Lemma half_pow_lt c eps : 0 < eps -> exists N, forall n, (N <= n)%nat -> c * (/ 2) ^ n < eps.
Proof.
  intros Heps. set (c' := Rabs c + 1).
  assert (Hc' : 0 < c') by (unfold c'; generalize (Rabs_pos c); lra).
  destruct (pow_lt_1_zero (/ 2) ltac:(rewrite Rabs_pos_eq; lra) (eps / c')
              ltac:(apply Rdiv_lt_0_compat; lra)) as [N HN].
  exists N. intros n Hn. specialize (HN n Hn).
  assert (Hp : 0 <= (/ 2) ^ n) by (apply pow_le; lra).
  rewrite Rabs_pos_eq in HN by exact Hp.
  apply Rmult_lt_compat_l with (r := c') in HN; [|exact Hc'].
  replace (c' * (eps / c')) with eps in HN by (field; lra).
  assert (c * (/ 2) ^ n <= c' * (/ 2) ^ n)
    by (apply Rmult_le_compat_r; [exact Hp|unfold c'; generalize (Rle_abs c); lra]).
  lra.
Qed.

Lemma le_half_pow_le_0 x c : (forall n, x <= c * (/ 2) ^ n) -> x <= 0.
Proof.
  intros H. destruct (Rle_lt_dec x 0) as [Hx|Hx]; [exact Hx|].
  destruct (half_pow_lt c x Hx) as [N HN]. specialize (HN N (le_n N)). specialize (H N). lra.
Qed.

Lemma fixpoint_perturbation d (g h : Mat -> Mat) x y :
  meq d (g x) x -> meq d (h y) y ->
  mnorm d (msub (g x) (g y)) <= / 2 * mnorm d (msub x y) ->
  mnorm d (msub x y) <= 2 * mnorm d (msub (g y) (h y)).
Proof.
  intros Hx Hy Hg.
  assert (E : mnorm d (msub x y) = mnorm d (msub (g x) (h y))) by now rewrite Hx, Hy.
  generalize (mnorm_msub_triang d (g x) (g y) (h y)). lra.
Qed.

Section Contraction.
Variable d : nat.
Variable Inv : Mat -> Prop.
Hypothesis Inv_mlim : forall Xs X, (forall n, Inv (Xs n)) -> mlim d Xs X -> Inv X.
Variable r : R.
Let ball X := Inv X /\ mnorm d X <= r.
Hypothesis ball_mzero : ball mzero.
Variable g : Mat -> Mat.
Hypothesis ball_g : forall X, ball X -> ball (g X).
Hypothesis g_contraction : forall X Y, ball X -> ball Y ->
  mnorm d (msub (g X) (g Y)) <= / 2 * mnorm d (msub X Y).

Let x n := Nat.iter n g mzero.

Definition fixpoint : Mat := fun i j => real (Lim_seq (fun n => Nat.iter n g mzero i j)).

Lemma ball_iter n : ball (x n).
Proof. induction n; [exact ball_mzero|apply ball_g, IHn]. Qed.

Lemma mnorm_iter_step n : mnorm d (msub (x (S n)) (x n)) <= (/ 2) ^ n * r.
Proof.
  induction n as [|n IH].
  - replace (mnorm d (msub (x 1) (x 0))) with (mnorm d (g mzero)).
    + rewrite Rmult_1_l. apply ball_g, ball_mzero.
    + apply mnorm_proper. unfold x; simpl. entrywise. ring.
  - eapply Rle_trans; [apply (g_contraction (x (S n)) (x n)); apply ball_iter|].
    replace ((/ 2) ^ S n * r) with (/ 2 * ((/ 2) ^ n * r)) by (simpl; ring). lra.
Qed.

Lemma mnorm_iter_cauchy m n : (n <= m)%nat -> mnorm d (msub (x m) (x n)) <= 2 * r * (/ 2) ^ n.
Proof.
  intros Hnm. replace m with ((m - n) + n)%nat by lia.
  assert (Htel : forall k, mnorm d (msub (x (k + n)) (x n)) <= 2 * r * (/ 2) ^ n - 2 * r * (/ 2) ^ (k + n)).
  { induction k as [|k IH].
    - change (0 + n)%nat with n. replace (mnorm d (msub (x n) (x n))) with 0; [lra|].
      rewrite <- (mnorm_mzero d). apply mnorm_proper. entrywise. ring.
    - eapply Rle_trans; [apply (mnorm_msub_triang d _ (x (k + n)))|].
      change (S k + n)%nat with (S (k + n)). change ((/ 2) ^ S (k + n)) with (/ 2 * (/ 2) ^ (k + n)).
      generalize (mnorm_iter_step (k + n)). lra. }
  eapply Rle_trans; [apply Htel|].
  assert (0 <= r) by (generalize (mnorm_nonneg d mzero); unfold ball in *; lra).
  generalize (pow_le (/ 2) (m - n + n) ltac:(lra)). nra.
Qed.

Lemma is_lim_iter : mlim d x fixpoint.
Proof.
  intros i j Hi Hj. apply Lim_seq_correct', ex_lim_seq_cauchy_corr. intros eps.
  destruct (half_pow_lt (2 * r) eps (cond_pos eps)) as [N HN]. exists N.
  assert (Hb : forall p q, (N <= p)%nat -> (p <= q)%nat -> Rabs (x q i j - x p i j) < eps).
  { intros p q Hp Hq. eapply Rle_lt_trans; [apply (Rabs_entry_le_mnorm d (msub (x q) (x p)) i j Hi Hj)|].
    eapply Rle_lt_trans; [apply mnorm_iter_cauchy, Hq|apply HN, Hp]. }
  intros n m Hn Hm. destruct (Compare_dec.le_lt_dec n m).
  - rewrite Rabs_minus_sym. apply Hb; assumption.
  - apply Hb; [|lia]; assumption.
Qed.

Lemma ball_fixpoint : Inv fixpoint /\ mnorm d fixpoint <= r.
Proof.
  split.
  - apply (Inv_mlim x); [intros n; apply ball_iter|apply is_lim_iter].
  - apply (mnorm_mlim_le d x); [apply is_lim_iter|intros n; apply ball_iter].
Qed.

Lemma mnorm_iter_fixpoint n : mnorm d (msub (x n) fixpoint) <= 2 * r * (/ 2) ^ n.
Proof.
  apply (mnorm_mlim_le d (fun m => msub (x n) (x (m + n)))).
  - intros i j Hi Hj. apply is_lim_seq_plus'; [apply is_lim_seq_const|].
    apply (is_lim_seq_opp _ (fixpoint i j)), (is_lim_seq_incr_n (fun m => x m i j) n).
    apply is_lim_iter; assumption.
  - intros m. rewrite mnorm_msub_sym. apply mnorm_iter_cauchy. lia.
Qed.

Lemma fixpoint_eq : meq d (g fixpoint) fixpoint.
Proof.
  apply meq_msub_0, mnorm_le_0, (le_half_pow_le_0 _ (2 * r)). intros n.
  eapply Rle_trans; [apply (mnorm_msub_triang d _ (x (S n)))|].
  assert (H1 : mnorm d (msub (g fixpoint) (g (x n))) <= / 2 * mnorm d (msub fixpoint (x n)))
    by (apply g_contraction; [apply ball_fixpoint|apply ball_iter]).
  rewrite (mnorm_msub_sym d fixpoint) in H1. change (x (S n)) with (g (x n)) at 1.
  generalize (mnorm_iter_fixpoint n) (mnorm_iter_fixpoint (S n)).
  change ((/ 2) ^ S n) with (/ 2 * (/ 2) ^ n). lra.
Qed.

End Contraction.

(** * The characteristic equation *)

Lemma Fmat_normal d T C : normal d C -> meq d (Fmat d T C) (mexp d (mscale T C)).
Proof.
  intros HC. unfold Fmat. rewrite mexp_madd.
  - apply mexp_proper. entrywise. ring.
  - apply commute_mscale_l, commute_sym, commute_mscale_l, commute_sym.
    apply commute_msub_l; [exact HC|apply commute_refl].
Qed.

Lemma char_eq_0_iff d T Rm C : normal d C ->
  (char_eq d T 0 Rm C <-> meq d (mexp d (mscale T C)) Rm).
Proof.
  intros HC. unfold char_eq. rewrite (Fmat_normal d T C HC), (mtr_mexp d (mscale T C)).
  set (F := mexp d (mscale T C)). set (Ft := mexp d (mtr (mscale T C))).
  assert (Hs : meq d (mscale 0 C) mzero) by (entrywise; ring).
  rewrite Hs. split; intros H.
  - symmetry. apply meq_msub_0.
    assert (HFt : meq d (mmul d (mexp d (mopp (mtr (mscale T C)))) Ft) mid) by apply mexp_mopp_l.
    rewrite <- (mmul_1_l d (msub Rm F)), <- HFt, mmul_assoc, <- H. apply mmul_0_r.
  - rewrite H. symmetry. rewrite (proj2 (meq_msub_0 d Rm Rm) (reflexivity _)). apply mmul_0_r.
Qed.

Section CharacteristicMap.
Variable d : nat.
Variables (L : Mat) (T : R) (Rm : Mat).
Hypothesis HL : normal d L.
Hypothesis HT : 0 < T.
Hypothesis HR : meq d (mexp d L) Rm.

Definition gram_inv : Mat := mmul d (mexp d (mopp (mtr L))) (mexp d (mopp L)).

Lemma mtr_Rm : meq d (mtr Rm) (mexp d (mtr L)).
Proof. rewrite <- HR. apply mtr_mexp. Qed.

Lemma gram_mmul_gram_inv : meq d (mmul d (mmul d Rm (mtr Rm)) gram_inv) mid.
Proof.
  unfold gram_inv. rewrite mtr_Rm, <- HR, mmul_assoc, <- (mmul_assoc d (mexp d (mtr L))).
  now rewrite mexp_mopp_r, mmul_1_l, mexp_mopp_r.
Qed.

Lemma gram_inv_mmul_gram : meq d (mmul d gram_inv (mmul d Rm (mtr Rm))) mid.
Proof.
  unfold gram_inv. rewrite mtr_Rm, <- HR, mmul_assoc, <- (mmul_assoc d (mexp d (mopp L))).
  now rewrite mexp_mopp_l, mmul_1_l, mexp_mopp_l.
Qed.

Lemma minv_gram : meq d (minv d (mmul d Rm (mtr Rm))) gram_inv.
Proof.
  unfold minv.
  match goal with |- meq d (epsilon ?inh ?P) _ =>
    assert (HP : P (epsilon inh P))
      by (apply epsilon_spec; exists gram_inv; exact gram_mmul_gram_inv) end.
  set (B := epsilon _ _) in *.
  rewrite <- (mmul_1_l d B), <- gram_inv_mmul_gram, mmul_assoc, HP. apply mmul_1_r.
Qed.

Definition C_of (X : Mat) : Mat := madd (mscale (/ T) L) X.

# WHAT YOU WILL DO
Copying word for word, give each line of the data above from the first one through the line containing "Hypothesis ball_g : forall", and nothing else.

# RESPONSE BELOW
Lemma half_pow_lt c eps : 0 < eps -> exists N, forall n, (N <= n)%nat -> c * (/ 2) ^ n < eps.
Proof.
  intros Heps. set (c' := Rabs c + 1).
  assert (Hc' : 0 < c') by (unfold c'; generalize (Rabs_pos c); lra).
  destruct (pow_lt_1_zero (/ 2) ltac:(rewrite Rabs_pos_eq; lra) (eps / c')
              ltac:(apply Rdiv_lt_0_compat; lra)) as [N HN].
  exists N. intros n Hn. specialize (HN n Hn).
  assert (Hp : 0 <= (/ 2) ^ n) by (apply pow_le; lra).
  rewrite Rabs_pos_eq in HN by exact Hp.
  apply Rmult_lt_compat_l with (r := c') in HN; [|exact Hc'].
  replace (c' * (eps / c')) with eps in HN by (field; lra).
  assert (c * (/ 2) ^ n <= c' * (/ 2) ^ n)
    by (apply Rmult_le_compat_r; [exact Hp|unfold c'; generalize (Rle_abs c); lra]).
  lra.
Qed.

Lemma le_half_pow_le_0 x c : (forall n, x <= c * (/ 2) ^ n) -> x <= 0.
Proof.
  intros H. destruct (Rle_lt_dec x 0) as [Hx|Hx]; [exact Hx|].
  destruct (half_pow_lt c x Hx) as [N HN]. specialize (HN N (le_n N)). specialize (H N). lra.
Qed.

Lemma fixpoint_perturbation d (g h : Mat -> Mat) x y :
  meq d (g x) x -> meq d (h y) y ->
  mnorm d (msub (g x) (g y)) <= / 2 * mnorm d (msub x y) ->
  mnorm d (msub x y) <= 2 * mnorm d (msub (g y) (h y)).
Proof.
  intros Hx Hy Hg.
  assert (E : mnorm d (msub x y) = mnorm d (msub (g x) (h y))) by now rewrite Hx, Hy.
  generalize (mnorm_msub_triang d (g x) (g y) (h y)). lra.
Qed.

Section Contraction.
Variable d : nat.
Variable Inv : Mat -> Prop.
Hypothesis Inv_mlim : forall Xs X, (forall n, Inv (Xs n)) -> mlim d Xs X -> Inv X.
Variable r : R.
Let ball X := Inv X /\ mnorm d X <= r.
Hypothesis ball_mzero : ball mzero.
Variable g : Mat -> Mat.
Hypothesis ball_g : forall X, ball X -> ball (g X).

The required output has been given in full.